A l’Eucharistie nous portons sur l’autel, avec le pain et le vin - fruits de la terre et du travail des hommes - l’humanité entière. Nous traversons alors, et ce soir plus particulièrement, les couloirs des hôpitaux, des salles de réanimation. Nous allons à la rencontre des personnes âgées marquées par la solitude dans les EHPAD ou chez elles. Nous osons frapper à la porte des cellules des prisons. Nous entrons dans les centres de rétention pour visiter ces hommes et femmes exilés de leurs pays et si souvent abandonnés à leur sort d’errance. Nous rejoignons l’humanité blessée, quel que soit son nom. Nous visitons aussi celles et ceux qui sont assis autour de la table familiale, se demandant combien de temps cela va durer, mais trouvant dans ce confinement une occasion particulière pour se retrouver et mieux s’écouter… avec parfois des tensions.

Et Jésus – Pain de Dieu - s’offre pour toute cette humanité qu’Il a rencontrée hier en se faisant homme parmi les hommes, qu’Il rencontre aujourd’hui encore. Il prend l’initiative de rassembler ses disciples en cette fête de la pâque juive, rappel du passage en Terre Promise, rappel d’une libération. Mais « au cours du repas » nous dit l’évangéliste St Jean, Jésus va instaurer un autre signe, signe réservé à l’esclave : celui de laver les pieds de ses disciples. Ce geste va devenir la trace de l’amour donné. Lui, le Seigneur et la Maître, enseigne une dernière fois à ses amis que l’amour du prochain est lié à cette célébration du repas pascal. On ne peut participer à l’Eucharistie et rester indifférent aux autres. Ainsi le service du Frère et de la Sœur et la participation à l’Eucharistie sont intimement liés, et pour toujours.

Toute Eucharistie a ce ressort de nous ouvrir à Dieu et aux hommes. A travers cette épreuve de ne pas pouvoir nous rassembler pour prier ensemble, Dieu développe sa Présence et renouvelle notre fraternité. Aussi j’aimerais crier à tous ceux qui se sentent privés de cette nourriture divine : « Ne soyez pas attristés, notre communion, à nous qui pouvons vivre cette Eucharistie du Jeudi Saint, est aussi pour vous. Dieu ne peut que développer sa présence d’une manière ou d’une autre, auprès de chacun de vous. »

Malades, médecins, infirmières, personnels soignants en EHPAD, vous qui êtes en peine depuis la mort de l’un de vos proches, commerçants qui poursuivez votre métier non sans risques, tous celles et ceux qui veillez sur nous, cette eucharistie est pour vous.
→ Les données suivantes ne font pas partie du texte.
Lemma height_rev_dom n (a : {ffun 'I_n -> 'I_n}) : height a = height (rev_dom a).
Proof.
rewrite /height; congr #|pred_of_set _|; apply/setP => v.
apply/imsetP/imsetP; case=> x _ ->.
  by exists (rev_ord x) => //; rewrite ffunE rev_ordK.
by exists (rev_ord x) => //; rewrite ffunE.
Qed.

Lemma right_waist_rev_dom n (a : {ffun 'I_n -> 'I_n}) :
  right_waist a = right_waist (rev_dom a).
Proof.
rewrite /right_waist (reindex_inj rev_ord_inj) /=.
by apply: eq_bigr => x _; rewrite ffunE.
Qed.

(* Reversal maps or_class p k onto op_class p k, so the two have equal size. *)
Lemma card_or_class (n p k : nat) :
  #|[set a : {ffun 'I_n -> 'I_n} | or_class p k a]| =
  #|[set a : {ffun 'I_n -> 'I_n} | op_class p k a]|.
Proof.
have -> : [set a | or_class p k a] = @rev_dom n @: [set a | op_class p k a].
  rewrite (can2_imset_pre _ (@rev_domK n) (@rev_domK n)); apply/setP => a.
  rewrite !inE /or_class /op_class contraction_rev_dom order_reversing_rev_dom.
  by rewrite height_rev_dom right_waist_rev_dom.
by rewrite card_imset //; apply: can_inj (@rev_domK n).
Qed.

Lemma OP_OR_height1 m (a : {ffun 'I_m.+1 -> 'I_m.+1}) :
  order_preserving a && order_reversing a = (height a == 1).
Proof.
apply/andP/cards1P => [[/forallP OP /forallP OR] | [v hv]].
  exists (a ord0); apply/setP => v; rewrite inE; apply/imsetP/eqP.
    case=> x _ ->; apply/val_inj/eqP; rewrite eqn_leq.
    move/forallP/(_ x)/implyP: (OP ord0) => ->//.
    by move/forallP/(_ x)/implyP: (OR ord0) => ->.
  by move=> ->; exists ord0.
have const x : a x = v by apply/set1P; rewrite -hv; apply/imsetP; exists x.
by split; apply/forallP => x; apply/forallP => y; rewrite !const leqnn implybT.
Qed.

Lemma F_set_split n p k :
  [set a : {ffun 'I_n -> 'I_n} |
     in_ORCT a && (height a == p) && (right_waist a == k)] =
  [set a | op_class p k a] :|: [set a | or_class p k a].
Proof.
apply/setP => a; rewrite !inE /in_ORCT /op_class /or_class.
by case: (contraction a); case: (order_preserving a); case: (order_reversing a);
  rewrite /= ?orbb ?orbF.
Qed.

(* For p <> 1 no map of height p is both order-preserving and
   order-reversing, so the two classes are disjoint. *)
Lemma op_or_class_disjoint (m p k : nat) : p != 1 ->
  [set a : {ffun 'I_m.+1 -> 'I_m.+1} | op_class p k a]
    :&: [set a | or_class p k a] = set0.
Proof.
move=> hp; apply/setP => a; rewrite !inE /op_class /or_class; apply/negP.
case/andP => /andP[/andP[/andP[_ OP] /eqP h] _] /andP[/andP[/andP[_ OR] _] _].
by move: (OP_OR_height1 a); rewrite OP OR h (negbTE hp).
Qed.

(* Maps of height 1 are both order-preserving and order-reversing, so for
   p = 1 the two classes coincide. *)
Lemma or_class_height1 (m k : nat) (a : {ffun 'I_m.+1 -> 'I_m.+1}) :
  or_class 1 k a = op_class 1 k a.
Proof.
rewrite /op_class /or_class; case: (boolP (height a == 1)) => h; last first.
  by rewrite !andbF.
by move: (OP_OR_height1 a); rewrite h => /andP[-> ->].
Qed.

Theorem proposition3p3 (n p k : nat) :
  1 <= n -> 1 <= p -> p <= k -> k <= n ->
  F n p k = (if 1 < p then 2 * 'C(n.-1, p.-1) else 1).
Proof.
case: n => [//|m] _ hp1 hpk hk /=.
have hp : 1 <= p <= k by rewrite hp1 hpk.
rewrite /F F_set_split; case: ltnP => hp2.
- have hp_neq1 : p != 1 by rewrite neq_ltn hp2 orbT.
  rewrite cardsU op_or_class_disjoint // cards0 subn0.
  by rewrite card_or_class card_op_class // addnn mul2n.
- have p1 : p = 1 by lia.
  have -> : [set a : {ffun 'I_m.+1 -> 'I_m.+1} | or_class p k a] =
            [set a | op_class p k a].
    by apply/setP => a; rewrite !inE p1 or_class_height1.
  by rewrite setUid card_op_class // p1 bin0.
Qed.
Prêtres célébrant le mystère de la Présence de Dieu depuis votre ordination et en ce jour privé de peuple, vous concélébrez avec nous. Vous vous rassemblez en familles devant un écran pour suivre la messe de la Cène du Seigneur parce que privés d’Eucharistie depuis trop longtemps, vous êtes tous avec nous ce soir et cette Eucharistie est offerte pour vous et avec vous. « Heureux les invités au repas du Seigneur. » Jamais notre petite chapelle des Carmes à Avon n’a été aussi remplie ce soir de tous ces visages. Nourris par la Parole de Dieu, allons maintenant faire mémoire ensemble de ce don de l’amour : Dieu se fait nourriture pour que nous devenions nous aussi un pain béni pour la vie de nos frères et sœurs, que nous devenions toujours plus un signe de la présence de Dieu en son Fils Jésus.

Tous ensemble, rendons grâce pour ce don de l’Amour, ce don de l’Eucharistie, mystère inépuisable et à jamais présent.